On the W-4, you’ll have to choose how many exemptions you want to claim.  You can claim as many or as few as you’d like from as low as 0 to as high as 10.  If you are trying to increase how much is withheld each check, reduce your exemptions and vice versa.

The tricky part about changing your exemptions is you don’t know exactly how your withholding will change until your next paycheck.  To narrow it down, you can look at the federal income withholding tables starting on page 44 of IRS Publication 15. Find the table that matches your marital status and paycheck frequency, then find the amount of your paycheck.  Next to it will be the amount of withholding for each exemption 0 through 10.

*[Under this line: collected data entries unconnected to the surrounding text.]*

Lemma vE_in_span_e2n i : (2 <= i <= n)%N -> in_span_e2n (vE n i).
Proof.
move=> i_range j le_j2; rewrite vE_entry; last by lia.
by rewrite (_ : (j == i.+1 :> nat) = false) //; lia.
Qed.

Lemma lbr_vH1_in_span_e2n x : in_span_e2n (lbr x (vH1 n)).
Proof. by move=> j le_j2; rewrite lbr_vH1_entry ifF //; lia. Qed.

Lemma lbr_vH2_in_span_e2n x : x 0 (inord 2) = 0 -> in_span_e2n (lbr x (vH2 n)).
Proof.
move=> x2 j le_j2; rewrite lbr_vH2_entry.
by case: ifP => [j2|_]; [rewrite entry_inord (eqP j2) | rewrite ifF //; lia].
Qed.

Lemma lbr_vE1_in_span_e2n x : x 0 (inord 1) = 0 -> in_span_e2n (lbr x (vE n 1)).
Proof.
move=> x1 j le_j2; rewrite lbr_vE1_entry x1 oppr0.
by case: ifP => // _; rewrite ifF //; lia.
Qed.

Lemma linear_span_e2n_eq0 (D : {linear 'rV[CC]_n.+2 -> 'rV[CC]_n.+2}) v :
  (forall i, (2 <= i <= n)%N -> D (vE n i) = 0) -> in_span_e2n v -> D v = 0.
Proof.
move=> De v_span; rewrite [v]row_sum_delta linear_sum big1 // => j _.
rewrite linearZ /=; case: (leqP j 2) => [le_j2 | lt2j]; first by rewrite v_span ?scale0r.
by rewrite -vE_pred ?De ?scaler0 //; have := ltn_ord j; lia.
Qed.

Lemma lbr_vE_vH1 i : (2 <= i <= n)%N -> lbr (vE n i) (vH1 n) = vE n i.
Proof.
move=> i_range; apply/rowP => j; rewrite lbr_vH1_entry vE_entry; last by lia.
by case: ifP => // lt2j; rewrite (_ : (j == i.+1 :> nat) = false) //; lia.
Qed.

Lemma lbr_vH1_vH2 : lbr (vH1 n) (vH2 n) = 0.
Proof.
apply/rowP => j; rewrite lbr_vH2_entry vH1_entry mxE.
case: ifP => [/eqP -> //|_]; case: ifP => // lt2j.
by rewrite (_ : (j == 0%N :> nat) = false) ?mulr0 //; lia.
Qed.

Lemma lbr_vH1_vE1 : lbr (vH1 n) (vE n 1) = 0.
Proof.
apply/rowP => j; rewrite lbr_vE1_entry !vH1_entry inordK //= oppr0 mxE.
case: ifP => // _; case: ifP => // lt3j.
have lt_j := ltn_ord j; rewrite inordK; last by lia.
by rewrite (_ : (j.-1 == 0%N) = false) //; lia.
Qed.

Lemma lbr_vE1_vH2 : lbr (vE n 1) (vH2 n) = vE n 1.
Proof.
apply/rowP => j; rewrite lbr_vH2_entry !vE_entry //.
by case: eqP => // _; case: ifP; rewrite ?mulr0.
Qed.

Lemma lbr_vH2_vE1 : lbr (vH2 n) (vE n 1) = - vE n 1.
Proof.
apply/rowP => j; rewrite lbr_vE1_entry !vH2_entry inordK //= mxE vE_entry //.
case: ifP => // _; rewrite oppr0; case: ifP => // lt3j.
have lt_j := ltn_ord j; rewrite inordK; last by lia.
by rewrite (_ : (j.-1 == 1%N) = false) //; lia.
Qed.

End Coordinates.

Definition generator_identities n (X Y Z : 'rV[CC]_n.+2) : Prop :=
  [/\ lbr X (vE n 1) = lbr Z (vH1 n), lbr X (vH2 n) = lbr Y (vH1 n)
    & Z = lbr Z (vH2 n) - lbr Y (vE n 1)].

Section Generators.
Variable n : nat.
Hypothesis n_gt0 : (0 < n)%N.
Variable D : {linear 'rV[CC]_n.+2 -> 'rV[CC]_n.+2}.

Lemma anti_derivation_generatorsP :
  anti_derivation D <->
  (forall i, (2 <= i <= n)%N -> D (vE n i) = 0) /\
  generator_identities (D (vH1 n)) (D (vH2 n)) (D (vE n 1)).
Proof.
split=> [antiD | [De [DA DB DC]]].
  split; [|split].
  - move=> i i_range; have := antiD (vE n i) (vH1 n).
    rewrite lbr_vE_vH1 // lbr_vE // subr0 => ->.
    have := antiD (vH1 n) (vE n i); rewrite !lbr_vE // linear0 sub0r.
    by move/eqP; rewrite eq_sym oppr_eq0 => /eqP.
  - by apply/eqP; rewrite -subr_eq0 -antiD lbr_vH1_vE1 // linear0.
  - by apply/eqP; rewrite -subr_eq0 -antiD lbr_vH1_vH2 // linear0.
  - by rewrite -antiD lbr_vE1_vH2.
apply: anti_derivation_basis => a b /=.
have kill (v : 'rV[CC]_n.+2) : in_span_e2n v -> D v = 0.
  exact: linear_span_e2n_eq0.
have vE_low i (j : 'I_n.+2) : (2 <= i <= n)%N -> (j <= 2)%N -> vE n i 0 j = 0.
  by move=> i_range; apply: vE_in_span_e2n.
case: (basis_cases b) => [->|->|->|[k k_range ->]]; last first.
  by rewrite !lbr_vE // linear0 De // linear0l subrr.
all: case: (basis_cases a) => [->|->|->|[i i_range ->]].
- rewrite kill ?DA ?subrr //.
  by apply: lbr_vE1_in_span_e2n => //; rewrite vH1_entry inordK.
- by rewrite lbr_vH2_vE1 // linearN {1}DC opprB.
- rewrite kill ?subrr //.
  by apply: lbr_vE1_in_span_e2n => //; rewrite vE_entry ?inordK.
- rewrite kill; last by apply: lbr_vE1_in_span_e2n => //; rewrite vE_low ?inordK.
  by rewrite De // linear0l lbr_vE // subrr.
- rewrite kill ?DB ?subrr //.
  by apply: lbr_vH2_in_span_e2n => //; rewrite vH1_entry inordK.
- rewrite kill ?subrr //.
  by apply: lbr_vH2_in_span_e2n => //; rewrite vH2_entry inordK.
- by rewrite lbr_vE1_vH2.
- rewrite kill; last by apply: lbr_vH2_in_span_e2n => //; rewrite vE_low ?inordK.
  by rewrite De // linear0l lbr_vE // subrr.
- by rewrite kill ?subrr //; apply: lbr_vH1_in_span_e2n.
- by rewrite kill ?DB ?subrr //; apply: lbr_vH1_in_span_e2n.
- by rewrite kill ?DA ?subrr //; apply: lbr_vH1_in_span_e2n.
- rewrite kill; last exact: lbr_vH1_in_span_e2n.
  by rewrite De // linear0l lbr_vE // subrr.
Qed.
End Generators.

Because exemptions can be tough to deal with, an alternative is to leave your exemptions unchanged and increase your withholding by a specific dollar amount.  Let’s say you need to pay another $5,000 between now and the end of the year.  If you’ll get 12 more paychecks by year end, you’ll want to increase your withholding by $417 per paycheck.  Once notified, your employer can increase your withholding by exactly that amount.

This may sound like a taxing process, but being intentional about your tax payments not only reduces stress of the unknown, it helps you to avoid underpayment penalties and better manage your cash flow.  Give this a try or reach out to us or your CPA for help.  With 2015 taxes now behind us, now is a great time to make sure you are on track with your 2016 tax payments so you don’t wind up with unwelcome surprise next spring.

Have a wonderful week and happy Memorial Day!